(* For the submodule $M=[(z-w)^2]$ of $H^2(\mathbb D^2)$, the eigenvalues of the core operator $C$ of $M$ are exactly \[ 0,\quad 1,\quad \pm\frac{2}{n+2}\ \ (n\ge1). \] In particular the second largest eigenvalue of $C$ is $2/3$.
   Context: $H^2(\mathbb D^2)$ is the Hardy space on the unit bidisk with reproducing kernel $K(\lambda,z)=\frac{1}{(1-\overline{\lambda_1}z_1)(1-\overline{\lambda_2}z_2)}$. A submodule $M$ is a closed subspace invariant under multiplication by both coordinate functions; $[q]$ is the smallest submodule containing $q$. If $K^M$ is the reproducing kernel of $M$, the core function is $G^M(\lambda,z)=K^M(\lambda,z)/K(\lambda,z)$ and the core operator $C$ on $H^2(\mathbb D^2)$ is $(Cf)(z)=\int_{\mathbb T^2}G^M(\lambda,z)f(\lambda)\,dm(\lambda)$, $m$ the normalized Lebesgue measure on $\mathbb T^2$; equivalently $C=I-R_1R_1^*-R_2R_2^*+R_1R_2R_1^*R_2^*$ on $M$ and $C=0$ on $M^\perp$, where $R_1,R_2$ are multiplication by $z,w$ restricted to $M$. *)

From Stdlib Require Import Reals ClassicalEpsilon.
From Coquelicot Require Import Coquelicot.

Open Scope R_scope.

(** H^2(D^2) is identified (isometrically) with the space of square-summable
    double coefficient sequences: f(z,w) = sum_{i,j} a i j z^i w^j. *)
Definition seq2 := nat -> nat -> C.

Definition s2zero : seq2 := fun _ _ => RtoC 0.
Definition s2add (a b : seq2) : seq2 := fun i j => Cplus (a i j) (b i j).
Definition s2opp (a : seq2) : seq2 := fun i j => Copp (a i j).
Definition s2sub (a b : seq2) : seq2 := s2add a (s2opp b).
Definition s2scal (c : C) (a : seq2) : seq2 := fun i j => Cmult c (a i j).

Definition sqsum (N : nat) (a : seq2) : R :=
  sum_n (fun i => sum_n (fun j => (Cmod (a i j))^2) N) N.

Definition inH2 (a : seq2) : Prop := exists B : R, forall N, sqsum N a <= B.

Definition ip_psum (N : nat) (a b : seq2) : C :=
  sum_n (fun i => sum_n (fun j => Cmult (a i j) (Cconj (b i j))) N) N.
Definition ip (a b : seq2) : C :=
  (real (Lim_seq (fun N => Re (ip_psum N a b))),
   real (Lim_seq (fun N => Im (ip_psum N a b)))).
Definition nrm (a : seq2) : R := sqrt (Re (ip a a)).

Definition Sz (a : seq2) : seq2 := fun i j => match i with O => RtoC 0 | S i' => a i' j end.
Definition Sw (a : seq2) : seq2 := fun i j => match j with O => RtoC 0 | S j' => a i j' end.
Definition Szadj (a : seq2) : seq2 := fun i j => a (S i) j.
Definition Swadj (a : seq2) : seq2 := fun i j => a i (S j).

Definition submodule (M : seq2 -> Prop) : Prop :=
  (forall f, M f -> inH2 f) /\
  M s2zero /\
  (forall f g, M f -> M g -> M (s2add f g)) /\
  (forall c f, M f -> M (s2scal c f)) /\
  (forall f, inH2 f ->
     (forall eps, 0 < eps -> exists g, M g /\ nrm (s2sub f g) < eps) -> M f) /\
  (forall f, M f -> M (Sz f)) /\
  (forall f, M f -> M (Sw f)).

Definition gen_submodule (q : seq2) (f : seq2) : Prop :=
  forall M, submodule M -> M q -> M f.

(** q = (z - w)^2 = z^2 - 2 z w + w^2 *)
Definition zmw2 : seq2 := fun i j =>
  match i, j with
  | 2, 0 => RtoC 1
  | 1, 1 => RtoC (-2)
  | 0, 2 => RtoC 1
  | _, _ => RtoC 0
  end.

Definition is_proj (M : seq2 -> Prop) (f g : seq2) : Prop :=
  M g /\ forall h, M h -> ip (s2sub f g) h = RtoC 0.
Definition proj (M : seq2 -> Prop) (f : seq2) : seq2 :=
  epsilon (inhabits s2zero) (is_proj M f).

(** core operator: on M, C = I - R1 R1^* - R2 R2^* + R1 R2 R1^* R2^*
    with R1 = Sz|_M, R2 = Sw|_M (so Ri^* = P_M Si^* on M); C = 0 on M^perp.
    Hence C f = C (P_M f). *)
Definition core_on_M (M : seq2 -> Prop) (g : seq2) : seq2 :=
  s2add
    (s2sub (s2sub g (Sz (proj M (Szadj g)))) (Sw (proj M (Swadj g))))
    (Sz (Sw (proj M (Szadj (proj M (Swadj g)))))).
Definition core_op (M : seq2 -> Prop) (f : seq2) : seq2 :=
  core_on_M M (proj M f).

Definition eigenvalue (T : seq2 -> seq2) (lam : C) : Prop :=
  exists f, inH2 f /\ f <> s2zero /\ T f = s2scal lam f.
Lemma exists_not_in_below n (l : list nat) : length l < n -> exists r, r < n /\ ~ In r l.
Proof.
  intros Hl.
  destruct (Exists_dec (fun r => ~ In r l) (seq 0 n)) as [Hex | Hno].
  - intros r; destruct (in_dec Nat.eq_dec r l); [right | left]; tauto.
  - apply Exists_exists in Hex as [r [Hr Hrl]]; apply in_seq in Hr.
    exists r; split; [lia | exact Hrl].
  - assert (Hincl : incl (seq 0 n) l).
    { intros r Hr; destruct (in_dec Nat.eq_dec r l) as [Hrl | Hrl]; [exact Hrl|].
      exfalso; apply Hno, Exists_exists; eauto. }
    apply NoDup_incl_length in Hincl; [|apply seq_NoDup].
    rewrite length_seq in Hincl; lia.
Qed.

Fixpoint var_bound (t : term) : nat :=
  match t with
  | Var k => S k
  | Add u v | Mul u v => Nat.max (var_bound u) (var_bound v)
  end.

Lemma var_bound_spec t w y : In w (words t) -> In y w -> y < var_bound t.
Proof.
  revert w; induction t as [k | u IHu v IHv | u IHu v IHv]; simpl; intros w Hw Hy.
  - destruct Hw as [<- | []]; destruct Hy as [<- | []]; lia.
  - apply in_app_or in Hw as [Hw | Hw]; [specialize (IHu w Hw Hy) | specialize (IHv w Hw Hy)]; lia.
  - apply in_word_prod in Hw as [a [b [Ha [Hb ->]]]].
    apply in_app_or in Hy as [Hy | Hy]; [specialize (IHu a Ha Hy) | specialize (IHv b Hb Hy)]; lia.
Qed.
(* For every integer $n\geq 2$, $$\sum_{k=1}^{n-1}\frac{B_{2k}B_{2n-2k}}{(2k)(2n-2k)}=\sum_{k=1}^{n-1}\frac{B_{2k}B_{2n-2k}}{(2k)(2n-2k)}\binom{2n}{2k}+\frac{B_{2n}}{n}H_{2n}.$$
   Context: $B_n$ denotes the Bernoulli numbers, defined by $\frac{x}{e^x-1}=\sum_{n\ge 0}B_n\frac{x^n}{n!}$ (so $B_0=1$, $B_2=1/6$, $B_4=-1/30,\dots$). $H_i=\sum_{j=1}^i \frac1j$ is the $i$-th harmonic number. *)

From mathcomp Require Import all_boot all_algebra.
Set Implicit Arguments. Unset Strict Implicit. Unset Printing Implicit Defensive.
Import GRing.Theory Num.Theory.
Local Open Scope ring_scope.

(* Bernoulli numbers with x/(e^x-1) = sum B_n x^n/n! (so B_1 = -1/2),
   characterized by B_0 = 1 and sum_{j=0}^{m} C(m+1,j) B_j = 0 for m >= 1.
   bern_seq m = [:: B_0; ...; B_m]. *)
Fixpoint bern_seq (m : nat) : seq rat :=
  match m with
  | 0 => [:: 1]
  | m'.+1 =>
      let s := bern_seq m' in
      rcons s (- (m'.+2%:R)^-1 *
               \sum_(j < m'.+1) ('C(m'.+2, j))%:R * nth 0 s j)
  end.

Definition bernoulli (n : nat) : rat := nth 0 (bern_seq n) n.

Definition harmonic (i : nat) : rat := \sum_(1 <= j < i.+1) (j%:R)^-1.

(* Let b(x) = x / (e^x - 1) = sum_i B_i x^i / i!.  Whenever t + s = 1,
     x b(tx) b(sx) = b(x) (t s x^2 + s x b(tx) + t x b(sx)),
   which after putting u = e^(tx), v = e^(sx) is the identity
   1 + 1/(u - 1) + 1/(v - 1) = (uv - 1) / ((u - 1)(v - 1)).  Writing
   b(x) = 1 + x c(x) and cancelling t s x^2, the coefficient of x^(n-1) is an
   identity between polynomials in t; integrating it over [0, 1] with
   int t^j (1 - t)^k = j! k! / (j + k + 1)! (the quotient
   (1 - t^(m+1) - (1 - t)^(m+1)) / (t (1 - t)) integrates to 2 H_m) gives
   Miki's identity
     sum_k B_k B_(n-k) / (k (n-k))
       = sum_k B_k B_(n-k) / (k (n-k)) C(n, k) + B_(n-1) + 2 B_n H_n / n.
   For even n the odd Bernoulli numbers in it vanish, by b(-x) = b(x) + x. *)

From HB Require Import structures.
From mathcomp Require Import all_boot all_algebra.
From mathcomp Require Import ring lra zify.
From Stdlib Require Import Setoid Morphisms.
Import GRing.Theory Num.Theory.
Local Open Scope ring_scope.

Lemma size_bern_seq m : size (bern_seq m) = m.+1.
Proof. by elim: m => //= m IH; rewrite size_rcons IH. Qed.

Lemma nth_bern_seq m j : (j <= m)%N -> nth 0 (bern_seq m) j = bernoulli j.
Proof.
rewrite /bernoulli; elim: m => [|m IH]; first by rewrite leqn0 => /eqP ->.
rewrite leq_eqVlt => /orP[/eqP -> // | ltjm].
by rewrite /= nth_rcons size_bern_seq ltjm IH.
Qed.

Lemma bernoulli0 : bernoulli 0 = 1. Proof. by []. Qed.

Lemma sum_bin_bernoulli k : \sum_(j < k.+2) 'C(k.+2, j)%:R * bernoulli j = 0.
Proof.
rewrite big_ord_recr /= binSn.
have -> : bernoulli k.+1 =
    - (k.+2%:R)^-1 * \sum_(j < k.+1) 'C(k.+2, j)%:R * bernoulli j.
  rewrite {1}/bernoulli /= nth_rcons size_bern_seq ltnn eqxx.
  by congr (_ * _); apply: eq_bigr => j _; rewrite nth_bern_seq // -ltnS.
by rewrite mulrA mulrN mulfV ?pnatr_eq0 // mulN1r addrN.
Qed.

Section Factorials.
Variable F : numFieldType.

Lemma natr_fact_neq0 n : (n`!%:R : F) != 0.
Proof. by rewrite pnatr_eq0 -lt0n fact_gt0. Qed.

Lemma invf_fact_mul n j : (j <= n)%N ->
  (j`!%:R : F)^-1 * ((n - j)`!%:R)^-1 = 'C(n, j)%:R / n`!%:R.
Proof.
move=> le_jn; rewrite -(bin_fact le_jn) !natrM.
have nz_bin : ('C(n, j)%:R : F) != 0 by rewrite pnatr_eq0 -lt0n bin_gt0.
by field; rewrite nz_bin !natr_fact_neq0.
Qed.

End Factorials.

Arguments natr_fact_neq0 {F} n.
Arguments invf_fact_mul {F n j}.

Section TruncatedCongruence.
Context {R : comNzRingType}.
Implicit Types (p q u v : {poly R}) (w : R).

Definition eqmodX N p q := exists r, p - q = r * 'X^N.

#[global] Instance eqmodX_equiv N : Equivalence (eqmodX N).
Proof.
split.
- by move=> p; exists 0; rewrite subrr mul0r.
- by move=> p q [r e]; exists (- r); rewrite mulNr -e opprB.
- by move=> p q u [r1 e1] [r2 e2]; exists (r1 + r2); rewrite mulrDl -e1 -e2 addrA subrK.
Qed.

#[global] Instance eqmodX_add N : Proper (eqmodX N ==> eqmodX N ==> eqmodX N) +%R.
Proof.
by move=> p p' [r1 e1] q q' [r2 e2]; exists (r1 + r2); rewrite mulrDl -e1 -e2; ring.
Qed.

#[global] Instance eqmodX_opp N : Proper (eqmodX N ==> eqmodX N) -%R.
Proof. by move=> p p' [r e]; exists (- r); rewrite mulNr -e; ring. Qed.

#[global] Instance eqmodX_mul N : Proper (eqmodX N ==> eqmodX N ==> eqmodX N) *%R.
Proof.
move=> p p' [r1 e1] q q' [r2 e2]; exists (r1 * q + p' * r2).
have -> : p = p' + r1 * 'X^N by rewrite -e1; ring.
have -> : q = q' + r2 * 'X^N by rewrite -e2; ring.
ring.
Qed.

Lemma eq_eqmodX N p q : p = q -> eqmodX N p q.
Proof. by move->; reflexivity. Qed.

Lemma eqmodX_coefP N p q : eqmodX N p q <-> forall i, (i < N)%N -> p`_i = q`_i.
Proof.
split=> [[r e] i ltiN | eq_pq].
  by apply/eqP; rewrite -subr_eq0 -coefB e coefMXn ltiN.
exists (drop_poly N (p - q)); rewrite -[LHS](poly_take_drop N) -[RHS]add0r.
congr (_ + _); apply/polyP => i; rewrite coef_take_poly coef0 coefB.
by case: ifP => // /eq_pq ->; rewrite subrr.
Qed.

Lemma eqmodX_leq M N p q : (M <= N)%N -> eqmodX N p q -> eqmodX M p q.
Proof.
by move=> le_MN /eqmodX_coefP eq_pq; apply/eqmodX_coefP => i ltiM;
  apply: eq_pq; apply: leq_trans le_MN.
Qed.

Lemma eqmodX_mulX2l N p q : eqmodX N.+1 ('X * p) ('X * q) -> eqmodX N p q.
Proof.
move/eqmodX_coefP => eq_pq; apply/eqmodX_coefP => i ltiN.
by have := eq_pq i.+1 ltiN; rewrite !coefXM.
Qed.

Lemma eqmodX_mulIr N p q u v :
  eqmodX N (u * v) 1 -> eqmodX N (p * u) (q * u) -> eqmodX N p q.
Proof. by move=> uv1 pq; rewrite -[p]mulr1 -[q]mulr1 -uv1 !mulrA pq; reflexivity. Qed.

Definition dilate w : {poly R} -> {poly R} := comp_poly (w%:P * 'X).

HB.instance Definition _ w := GRing.RMorphism.on (dilate w).

Lemma coef_dilate w p i : (dilate w p)`_i = w ^+ i * p`_i.
Proof.
rewrite /dilate coef_comp_poly.
under eq_bigr => j _ do rewrite exprMn -polyC_exp coefCM coefXn mulrA.
case: (ltnP i (size p)) => [ltip | leip].
  rewrite (bigD1 (Ordinal ltip)) //= eqxx mulr1 big1 ?addr0 1?mulrC // => j neqji.
  rewrite (_ : i == j = false) ?mulr0 //.
  by apply: contraNF neqji => /eqP eij; apply/eqP/val_inj.
rewrite nth_default // mulr0 big1 // => j _.
by rewrite eq_sym (ltn_eqF (leq_trans (ltn_ord j) leip)) mulr0.
Qed.

Lemma dilateX w : dilate w 'X = w%:P * 'X.
Proof. exact: comp_polyX. Qed.

Lemma dilate1 p : dilate 1 p = p.
Proof. by rewrite /dilate mul1r comp_polyXr. Qed.

Lemma dilate0 p : dilate 0 p = (p`_0)%:P.
Proof. by rewrite /dilate mul0r comp_poly0r. Qed.

#[global] Instance eqmodX_dilate N w : Proper (eqmodX N ==> eqmodX N) (dilate w).
Proof.
move=> p q [r e]; exists (dilate w r * (w ^+ N)%:P).
rewrite -rmorphB e rmorphM rmorphXn /= dilateX exprMn -polyC_exp; ring.
Qed.

End TruncatedCongruence.

Arguments eqmodX_leq {R} [M N p q].

Section Integral.
Variable F : numFieldType.
Implicit Types p q : {poly F}.

Definition integral01 p : F := \sum_(i < size p) p`_i / i.+1%:R.

Lemma integral01E M p : (size p <= M)%N -> integral01 p = \sum_(i < M) p`_i / i.+1%:R.
Proof.
move=> le_pM; rewrite /integral01 (big_ord_widen M (fun i => p`_i / i.+1%:R) le_pM).
rewrite big_mkcond; apply: eq_bigr => i _.
by case: ltnP => // le_pi; rewrite nth_default // mul0r.
Qed.
Arguments integral01E {M p}.

Lemma integral01_is_scalar : scalar integral01.
Proof.
move=> c p q; pose M := maxn (size p) (size q).
have le_pM : (size p <= M)%N by rewrite leq_maxl.
have le_qM : (size q <= M)%N by rewrite leq_maxr.
have le_cpqM : (size (c *: p + q)%R <= M)%N.
  by rewrite (leq_trans (size_polyD _ _)) // geq_max (leq_trans (size_scale_leq _ _)).
rewrite (integral01E le_pM) (integral01E le_qM) (integral01E le_cpqM) mulr_sumr -big_split.
by apply: eq_bigr => i _; rewrite coefD coefZ mulrDl mulrA.
Qed.

HB.instance Definition _ :=
  GRing.isLinear.Build F {poly F} F *%R integral01 integral01_is_scalar.

Lemma integral01_mulC c p : integral01 (c%:P * p) = c * integral01 p.
Proof. by rewrite mul_polyC linearZ. Qed.

Lemma integral01Xn i : integral01 'X^i = i.+1%:R^-1.
Proof.
rewrite /integral01 size_polyXn big_ord_recr /= big1 ?add0r => [|j _].
  by rewrite coefXn eqxx div1r.
by rewrite coefXn (ltn_eqF (ltn_ord j)) mul0r.
Qed.

Lemma integral01C c : integral01 c%:P = c.
Proof. by rewrite -[c%:P]mulr1 integral01_mulC -(expr0 'X) integral01Xn invr1 mulr1. Qed.

Lemma integral01_beta i j :
  integral01 ('X^i * (1 - 'X) ^+ j) = i`!%:R * j`!%:R / (i + j).+1`!%:R.
Proof.
elim: j i => [|j IHj] i.
  rewrite expr0 mulr1 integral01Xn addn0 fact0 mulr1 factS natrM.
  by field; rewrite natr_fact_neq0 -mulrS pnatr_eq0.
rewrite exprS mulrCA mulrBl mul1r mulrA -exprS linearB /= !IHj.
rewrite addnS addSn !factS !natrM.
by field; rewrite natr_fact_neq0 -!natrD -mulrS !pnatr_eq0.
Qed.

Lemma integral01_1subXn k : integral01 ((1 - 'X) ^+ k) = k.+1%:R^-1.
Proof.
have := integral01_beta 0 k; rewrite expr0 mul1r => ->.
by rewrite fact0 mul1r add0n factS natrM invfM mulrCA mulfV ?natr_fact_neq0 ?mulr1.
Qed.

End Integral.

Arguments integral01 {F}.

Definition bern_egf i : rat := bernoulli i / i`!%:R.

Lemma bern_egf0 : bern_egf 0 = 1.
Proof. by rewrite /bern_egf bernoulli0 fact0 divr1. Qed.

Lemma bernoulliE i : bernoulli i = bern_egf i * i`!%:R.
Proof. by rewrite /bern_egf divfK ?natr_fact_neq0. Qed.

(* Power series in x are truncated at x^N, and their coefficients are
   polynomials in an auxiliary variable t, so that the dilations x -> t x and
   x -> (1 - t) x stay inside the ring.  [expm1S] is (e^x - 1)/x, [bernS] is
   b(x) and [bern_tailS] is c(x) = (b(x) - 1)/x. *)
Definition series N (f : nat -> rat) : {poly {poly rat}} := \poly_(i < N) (f i)%:P.

Definition expS N := series N (fun i => (i`!%:R)^-1).
Definition expm1S N := series N (fun i => (i.+1`!%:R)^-1).
Definition bernS N := series N bern_egf.
Definition bern_tailS N := series N (fun i => bern_egf i.+1).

--------------------------------

▶ **Task statement**: Search the data and copy each line containing "reflexivity".

▶ **Result**:
Proof. by move->; reflexivity. Qed.
Proof. by move=> uv1 pq; rewrite -[p]mulr1 -[q]mulr1 -uv1 !mulrA pq; reflexivity. Qed.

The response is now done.